* Exercise requirements *
The entries that follow include a run beginning at the line with "assert (Hex : ex_RInt" and ending at the line with "exact (RInt_scal (V"; restate that run word for word and leave the rest out.
======
Lemma phi_gauss t : phi t = / sqrt PI * (/ sqrt 2 * gauss (/ sqrt 2 * t + 0)).
Proof.
unfold phi, gauss. rewrite sqrt_mult by (generalize PI_RGT_0; lra).
assert (H2 : 0 < sqrt 2) by (apply sqrt_lt_R0; lra).
assert (HP : 0 < sqrt PI) by (apply sqrt_lt_R0; generalize PI_RGT_0; lra).
assert (H22 : sqrt 2 * sqrt 2 = 2) by (apply sqrt_sqrt; lra).
replace (- (t * t) / 2) with (- ((/ sqrt 2 * t + 0) * (/ sqrt 2 * t + 0))).
- field. lra.
- field_simplify; [|lra]. replace (sqrt 2 ^ 2) with 2 by (simpl; lra). reflexivity.
Qed.

Lemma RInt_phi_gauss y : RInt phi 0 y = / sqrt PI * gauss_int (y * / sqrt 2).
Proof.
rewrite (RInt_ext phi (fun t => scal (/ sqrt PI) (scal (/ sqrt 2) (gauss (/ sqrt 2 * t + 0)))))
  by (intros; apply phi_gauss).
assert (Hex : ex_RInt (fun t => scal (/ sqrt 2) (gauss (/ sqrt 2 * t + 0))) 0 y).
{ apply (ex_RInt_continuous (V := R_CompleteNormedModule)). intros t _.
  apply (ex_derive_continuous (K := R_AbsRing) (V := R_NormedModule)).
  unfold gauss, scal; simpl; unfold mult; simpl. auto_derive. auto. }
transitivity (scal (/ sqrt PI) (RInt (fun t => scal (/ sqrt 2) (gauss (/ sqrt 2 * t + 0))) 0 y)).
{ exact (RInt_scal (V := R_CompleteNormedModule) _ 0 y (/ sqrt PI) Hex). }
rewrite (RInt_comp_lin (V := R_CompleteNormedModule) gauss).
- unfold gauss_int, scal; simpl; unfold mult; simpl. do 2 f_equal; ring.
- apply (ex_RInt_continuous (V := R_CompleteNormedModule)). intros; apply gauss_continuous.
Qed.

Lemma is_lim_gauss_int : is_lim gauss_int p_infty (sqrt PI / 2).
Proof.
apply is_lim_spec. intros eps.
destruct (GaussBridge.gauss_int_limit eps (cond_pos eps)) as [B HB].
exists B. intros y Hy. apply HB. lra.
Qed.

Lemma is_lim_RInt_phi : is_lim (fun y => RInt phi 0 y) p_infty (1 / 2).
Proof.
assert (H2 : 0 < sqrt 2) by (apply sqrt_lt_R0; lra).
assert (HP : 0 < sqrt PI) by (apply sqrt_lt_R0; generalize PI_RGT_0; lra).
apply is_lim_ext with (fun y => / sqrt PI * gauss_int (y * / sqrt 2)).
{ intros; symmetry; apply RInt_phi_gauss. }
replace (Finite (1 / 2)) with (Rbar_mult (/ sqrt PI) (sqrt PI / 2))
  by (simpl; f_equal; field; lra).
apply is_lim_scal_l, (is_lim_comp _ _ _ _ p_infty); [apply is_lim_gauss_int | | ].
- replace p_infty with (Rbar_mult p_infty (/ sqrt 2)) at 2.
  + apply is_lim_scal_r, is_lim_id.
  + apply is_Rbar_mult_unique, is_Rbar_mult_p_infty_pos. simpl.
    apply Rinv_0_lt_compat, H2.
- exists 0. intros y _. discriminate.
Qed.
======
* Answer section *
assert (Hex : ex_RInt (fun t => scal (/ sqrt 2) (gauss (/ sqrt 2 * t + 0))) 0 y).
{ apply (ex_RInt_continuous (V := R_CompleteNormedModule)). intros t _.
  apply (ex_derive_continuous (K := R_AbsRing) (V := R_NormedModule)).
  unfold gauss, scal; simpl; unfold mult; simpl. auto_derive. auto. }
transitivity (scal (/ sqrt PI) (RInt (fun t => scal (/ sqrt 2) (gauss (/ sqrt 2 * t + 0))) 0 y)).
{ exact (RInt_scal (V := R_CompleteNormedModule) _ 0 y (/ sqrt PI) Hex). }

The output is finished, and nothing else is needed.